── MATERIAL PROVIDED

(* For $n=4$ agents, $\hat r_4=r_4=\frac{13}{9}$, whereas $\rho_4\ge\frac{10}{7}$.
   Context: Equal responsibilities; chores $e_1,\ldots,e_m$. A picking order $S\in[n]^m$ allocates $A_i(S)=\{e_r:S_r=i\}$ to agent $i$ (equivalently, agents following greedy in the reversed picking sequence on an identically ordered instance). For additive $c_i\ge0$ with $c_i(e_1)\ge c_i(e_2)\ge\cdots$: $CS_i=\max\{\frac1nc_i(\{e_1,\ldots,e_m\}),c_i(e_1),c_i(e_n)+c_i(e_{n+1})\}$ (zeros beyond $m$) and $MMS_i=\min_{(A_1,\ldots,A_n)}\max_jc_i(A_j)$. $r_{n,m}(S)=\sup_i\sup_{c_i}c_i(A_i(S))/CS_i$, $\rho_{n,m}(S)=\sup_i\sup_{c_i}c_i(A_i(S))/MMS_i$. $r_{n,m}=\min_S r_{n,m}(S)$ and $\rho_{n,m}=\min_S\rho_{n,m}(S)$ over all picking orders of length $m$; $\hat r_{n,m}$ is the minimum of $r_{n,m}(S)$ over ridge picking orders only ($S_r=r$, $S_{n+r}=n-r+1$ for $1\le r\le n$, $m\ge2n$). $r_n=\sup_m r_{n,m}$, $\rho_n=\sup_m\rho_{n,m}$, $\hat r_n=\sup_{m\ge2n}\hat r_{n,m}$. *)

From HB Require Import structures.
From mathcomp Require Import all_boot all_order all_algebra.
From mathcomp Require Import boolp classical_sets reals.

Set Implicit Arguments.
Unset Strict Implicit.
Unset Printing Implicit Defensive.

Import Order.TTheory GRing.Theory Num.Theory.
Local Open Scope ring_scope.
Local Open Scope classical_set_scope.

(* Agents are 'I_n (agent i+1 of the paper is i), chores are 'I_m
   (chore e_(r+1) of the paper is r).  A picking order S in [n]^m is a
   finite function 'I_m -> 'I_n; it allocates A_i(S) = {r | S r = i}. *)

Section ChoreDivision.
Context (R : realType).

Definition picking_order (n m : nat) := {ffun 'I_m -> 'I_n}.

Definition bundle_cost (n m : nat) (c : 'I_m -> R) (S : 'I_m -> 'I_n)
    (i : 'I_n) : R :=
  \sum_(r < m | S r == i) c r.

Definition valid_cost (m : nat) (c : 'I_m -> R) : Prop :=
  (forall r, 0 <= c r) /\ (forall r s : 'I_m, (r <= s)%N -> c s <= c r).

────

→ EXERCISE INSTRUCTIONS:
Write out exactly the lines starting with the one that holds "Set Implicit Arguments." and running through the last line above.

→ ANSWER FOR THIS EXERCISE:
Set Implicit Arguments.
Unset Strict Implicit.
Unset Printing Implicit Defensive.

Import Order.TTheory GRing.Theory Num.Theory.
Local Open Scope ring_scope.
Local Open Scope classical_set_scope.

(* Agents are 'I_n (agent i+1 of the paper is i), chores are 'I_m
   (chore e_(r+1) of the paper is r).  A picking order S in [n]^m is a
   finite function 'I_m -> 'I_n; it allocates A_i(S) = {r | S r = i}. *)

Section ChoreDivision.
Context (R : realType).

Definition picking_order (n m : nat) := {ffun 'I_m -> 'I_n}.

Definition bundle_cost (n m : nat) (c : 'I_m -> R) (S : 'I_m -> 'I_n)
    (i : 'I_n) : R :=
  \sum_(r < m | S r == i) c r.

Definition valid_cost (m : nat) (c : 'I_m -> R) : Prop :=
  (forall r, 0 <= c r) /\ (forall r s : 'I_m, (r <= s)%N -> c s <= c r).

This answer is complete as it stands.